I fully expect governments to make it very difficult for coins to leave exchanges and go into private wallets. We will fight back, we are certain. The majority of bitcoin is not available on exchanges. However, governments will not succeed in their efforts. My estimate is that around two million of the 18.7million coins mined are on exchanges.

Peer To Peer

Bitcoin’s future will be peer-to-peer, with most transactions made on the Lightning Network. This function cannot be served by coins on an exchange. To make payments, you will need permission from an intermediary who will be present on exchange coins.

Due to laws, coins that are stuck on an exchange cannot be used in the same way as bitcoin is intended. They will also be less valuable. If I offer a service in bitcoin and charge for it, I will only accept bitcoin from outside exchanges. I won’t be the only one. I will not accept payment from trapped bitcoin to pay my exchange wallet. There will be a price difference between real bitcoins and IOU-trapped bitcoin.

Some powerful people who want Bitcoin’s demise may be naked shorting it in futures markets. We, The Resistance, can buy bitcoin and take it out of the trading pool. This will eventually lead to a decoupling between the price of physical bitcoin and paper bitcoin.

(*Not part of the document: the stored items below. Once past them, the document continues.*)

(* Let $G=(V_G,E_G)$ be an undirected graph whose vertex set is partitioned among machines $M_1,\dots,M_m$ (every vertex is owned by exactly one machine), and let $G_t$ denote the partition owned by $M_t$. Let $P=(V_P,E_P)$ be a connected undirected query graph. Let $v$ be a data vertex owned by $M_t$ and $u\in V_P$ a query vertex. If $\mathrm{Span}_P(u)\le \mathrm{BD}_{G_t}(v)$, then there is no embedding $f$ of $P$ in $G$ such that $f(u)=v$ and $f(u')$ is not owned by $M_t$ for some $u'\in V_P$ with $u'\neq u$.
   Context: An embedding of $P$ in $G$ is an injective map $f:V_P\to V_G$ such that $(f(u_1),f(u_2))\in E_G$ for every $(u_1,u_2)\in E_P$. A vertex $w$ owned by $M_t$ is a border vertex of $G_t$ if some neighbour of $w$ in $G$ is owned by a machine other than $M_t$; $V^b_{G_t}$ is the set of border vertices of $G_t$. The border distance of $v$ is $\mathrm{BD}_{G_t}(v)=\min_{v'\in V^b_{G_t}} \mathrm{dist}(v,v')$, where $\mathrm{dist}$ is the shortest-path distance in $G$. The span of $u$ is $\mathrm{Span}_P(u)=\max_{u'\in V_P}\mathrm{dist}_P(u,u')$, the maximum shortest-path distance in $P$ from $u$ to any vertex of $P$. *)

From mathcomp Require Import all_boot.
Set Implicit Arguments. Unset Strict Implicit. Unset Printing Implicit Defensive.

(* Graphs: a finite vertex type T with an edge relation e : rel T.
   Undirectedness is imposed as the hypothesis [symmetric e]. *)

Definition walkb (T : finType) (e : rel T) (x y : T) (k : nat) : bool :=
  [exists p : k.-tuple T, path e x p && (last x p == y)].

(* Shortest-path distance, extended: [None] = +infinity (unreachable).
   A shortest walk is a simple path, so it has fewer than #|T| edges. *)
Definition dist (T : finType) (e : rel T) (x y : T) : option nat :=
  match [seq k <- iota 0 #|T| | walkb e x y k] with
  | k :: _ => Some k
  | [::] => None
  end.

Definition emin (a b : option nat) : option nat :=
  match a, b with
  | None, _ => b
  | _, None => a
  | Some x, Some y => Some (minn x y)
  end.

Definition ele (a b : option nat) : bool :=
  match a, b with
  | _, None => true
  | None, Some _ => false
  | Some x, Some y => x <= y
  end.

Definition border (VG : finType) (eG : rel VG) (m : nat) (owner : VG -> 'I_m)
    (t : 'I_m) (w : VG) : bool :=
  (owner w == t) && [exists w', eG w w' && (owner w' != t)].

Definition BD (VG : finType) (eG : rel VG) (m : nat) (owner : VG -> 'I_m)
    (t : 'I_m) (v : VG) : option nat :=
  foldr emin None [seq dist eG v w | w <- enum VG & border eG owner t w].

Definition Span (VP : finType) (eP : rel VP) (u : VP) : option nat :=
  foldr (fun a b => match a, b with
                    | Some x, Some y => Some (maxn x y)
                    | _, _ => None end)
        (Some 0) [seq dist eP u u' | u' <- enum VP].

Definition embedding (VP VG : finType) (eP : rel VP) (eG : rel VG)
    (f : VP -> VG) : Prop :=
  injective f /\ forall a b, eP a b -> eG (f a) (f b).

From mathcomp Require Import all_boot.
Set Implicit Arguments. Unset Strict Implicit. Unset Printing Implicit Defensive.

(* A shortest walk in P from u to u' has some length d <= Span_P(u). Its image
   under f is a walk of length d in G from v, which starts inside G_t and ends
   outside it, so it meets a border vertex of G_t after fewer than d steps;
   hence BD_{G_t}(v) < d <= Span_P(u). *)

Lemma ele_trans : transitive ele.
Proof. by move=> [y|] [x|] [z|] //=; apply: leq_trans. Qed.

Lemma ele_eminl a b : ele (emin a b) a.
Proof. by case: a b => [x|] [y|] //=; rewrite geq_minl. Qed.

Lemma ele_eminr a b : ele (emin a b) b.
Proof. by case: a b => [x|] [y|] //=; rewrite geq_minr. Qed.

Lemma foldr_emin_ele (s : seq (option nat)) a : a \in s -> ele (foldr emin None s) a.
Proof.
elim: s => [//|b s IHs]; rewrite in_cons => /predU1P [->|/IHs]; first exact: ele_eminl.
exact/ele_trans/ele_eminr.
Qed.

Definition omaxn (a b : option nat) : option nat :=
  if (a, b) is (Some x, Some y) then Some (maxn x y) else None.

Lemma ele_omaxnl a b : ele a (omaxn a b).
Proof. by case: a b => [x|] [y|] //=; rewrite leq_maxl. Qed.

Lemma ele_omaxnr a b : ele b (omaxn a b).
Proof. by case: a b => [x|] [y|] //=; rewrite leq_maxr. Qed.

Lemma ele_foldr_omaxn (s : seq (option nat)) a : a \in s -> ele a (foldr omaxn (Some 0) s).
Proof.
elim: s => [//|b s IHs]; rewrite in_cons => /predU1P [->|/IHs]; first exact: ele_omaxnl.
by move/ele_trans; apply; apply: ele_omaxnr.
Qed.

Section Walks.
Variables (T : finType) (e : rel T).
Implicit Types (x y : T) (k : nat).

Lemma walkbP x y k :
  reflect (exists p : seq T, [/\ size p = k, path e x p & last x p = y])
          (walkb e x y k).
Proof.
apply: (iffP existsP) => [[p /andP [path_p /eqP last_p]]|[p [size_p path_p last_p]]].
  by exists (val p); rewrite size_tuple.
have size_p' : size p == k by rewrite size_p.
by exists (Tuple size_p'); rewrite /= path_p last_p eqxx.
Qed.

Lemma walkb_lt_card x y k :
  walkb e x y k -> exists j, [/\ j <= k, j < #|T| & walkb e x y j].
Proof.
case: (ltnP k #|T|) => [lt_kT walk_k|le_Tk /walkbP [p [_ path_p last_p]]].
  by exists k.
case/shortenP: path_p last_p => p' path_p' uniq_p' _ last_p'.
have short_p' : size (x :: p') <= #|T| by rewrite -(card_uniqP uniq_p') max_card.
exists (size p'); split=> //; first exact: ltnW (leq_trans short_p' le_Tk).
by apply/walkbP; exists p'.
Qed.

Lemma dist_le_walkb x y k : walkb e x y k -> ele (dist e x y) (Some k).
Proof.
case/walkb_lt_card => j [le_jk lt_jT walk_j].
have : j \in [seq i <- iota 0 #|T| | walkb e x y i] by rewrite mem_filter walk_j mem_iota.
have : sorted leq [seq i <- iota 0 #|T| | walkb e x y i].
  exact/sorted_filter/iota_sorted/leq_trans.
rewrite /dist; case: [seq _ <- _ | _] => [//|h s] /= /(order_path_min leq_trans)/allP h_min.
by rewrite in_cons => /predU1P [<-|/h_min le_hj] //; apply: leq_trans le_jk.
Qed.

Lemma dist_walkb x y k : dist e x y = Some k -> walkb e x y k.
Proof.
rewrite /dist; have : all (walkb e x y) [seq i <- iota 0 #|T| | walkb e x y i].
  exact: filter_all.
by case: [seq _ <- _ | _] => [//|h s] /andP [walk_h _] [<-].
Qed.

Lemma connect_dist x y : connect e x y -> exists d, dist e x y = Some d.
Proof.
case/connectP => p path_p last_p.
have : ele (dist e x y) (Some (size p)) by apply: dist_le_walkb; apply/walkbP; exists p.
by case: (dist e x y) => [d|] // _; exists d.
Qed.

Lemma dist_le_Span x y : ele (dist e x y) (Span e x).
Proof. by apply: ele_foldr_omaxn; rewrite map_f ?mem_enum. Qed.

End Walks.

Lemma walkb_homo (T S : finType) (e : rel T) (e' : rel S) (f : T -> S) x y k :
  {homo f : a b / e a b >-> e' a b} -> walkb e x y k -> walkb e' (f x) (f y) k.
Proof.
move=> f_homo /walkbP [p [size_p path_p last_p]]; apply/walkbP.
by exists (map f p); rewrite size_map (homo_path f_homo) // last_map last_p.
Qed.

Section Partition.
Variables (VG : finType) (eG : rel VG) (m : nat) (owner : VG -> 'I_m) (t : 'I_m).

Lemma BD_le_dist v w : border eG owner t w -> ele (BD eG owner t v) (dist eG v w).
Proof. by move=> bw; apply: foldr_emin_ele; rewrite map_f // mem_filter bw mem_enum. Qed.

Lemma walkb_exit_border x y k : owner x = t -> owner y != t -> walkb eG x y k ->
  exists2 w, border eG owner t w & exists2 j, j < k & walkb eG x w j.
Proof.
move=> own_x own_y /walkbP [p [<- path_p last_p]]; rewrite -{}last_p in own_y.
elim: p x own_x path_p own_y => [|z p IHp] x own_x /=; first by rewrite own_x eqxx.
case/andP=> e_xz path_p own_last; have [/eqP own_z|own_z] := boolP (owner z == t).
  have [w bw [j lt_jp /walkbP [q [size_q path_q last_q]]]] := IHp z own_z path_p own_last.
  exists w => //; exists j.+1 => //; apply/walkbP; exists (z :: q).
  by rewrite /= size_q e_xz path_q last_q.
exists x; last by exists 0 => //; apply/walkbP; exists [::].
by rewrite /border own_x eqxx; apply/existsP; exists z; rewrite e_xz own_z.
Qed.

End Partition.

Theorem proposition1 (VG : finType) (eG : rel VG) (m : nat)
    (owner : VG -> 'I_m) (VP : finType) (eP : rel VP) (t : 'I_m)
    (v : VG) (u : VP) :
  symmetric eG -> symmetric eP ->
  (forall a b : VP, connect eP a b) ->
  owner v = t ->
  ele (Span eP u) (BD eG owner t v) ->
  ~ (exists f : VP -> VG, embedding eP eG f /\ f u = v /\
       exists u' : VP, u' != u /\ owner (f u') != t).
Proof.
move=> _ _ connP own_v Span_le_BD [f [[_ f_homo] [fu [u' [_ own_fu']]]]].
have [d dist_d] := connect_dist (connP u u').
have walk_d : walkb eG v (f u') d by rewrite -fu; exact: walkb_homo (dist_walkb dist_d).
have [w bw [j lt_jd walk_j]] := walkb_exit_border own_v own_fu' walk_d.
have : ele (Some d) (Some j).
  rewrite -dist_d; apply: ele_trans (dist_le_Span _ _ _) _.
  apply: ele_trans Span_le_BD _; apply: ele_trans (BD_le_dist v bw) _.
  exact: dist_le_walkb.
by rewrite /= leqNgt lt_jd.
Qed.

We are against those who print fiat. They can easily shorten bitcoin and suppress its price, as they can print money and have no real risk.

Here’s why they won’t succeed: There is an army of true believers who regularly buy bitcoin and withdraw coins from exchanges. The majority of the coins are already off exchanges. Bitcoiners will be eager to grab the cheap sats and take even more bitcoin off the exchanges if the naked short attack succeeds.

The supply of coins can be replenished by miners. Currently, miners could theoretically dump 900 Bitcoin per day onto exchanges. Wild price swings can occur despite this, however, as traders trade coins and buy and sell bitcoins between themselves. The price of bitcoin is fairly stable when HODLers remove 900 bitcoin per day. As more coins are taken out and the mining supply decreases (halved every 4 years), there will be a point where not enough bitcoin is available. This will result in a decrease in the paper price for bitcoin on the futures exchange and real bitcoin that is desired by HODLers and merchants.

Join the army to make bitcoin more successful and bring this day forward. Regularly stack bitcoin – Dollar Cost average (DCA), and remove the coins.

Remember

You will never fully understand how Bitcoin works if you don’t take your coins into your own hands. It’s hard to buy enough of it if you don’t understand it. This is something you will regret.

You will need to learn about self-custody, and how to run a node. This will blow your mind and bring you closer to the truth about how amazing this technology really is. You might become obsessed with the Lightning Network. It’s a great way to be.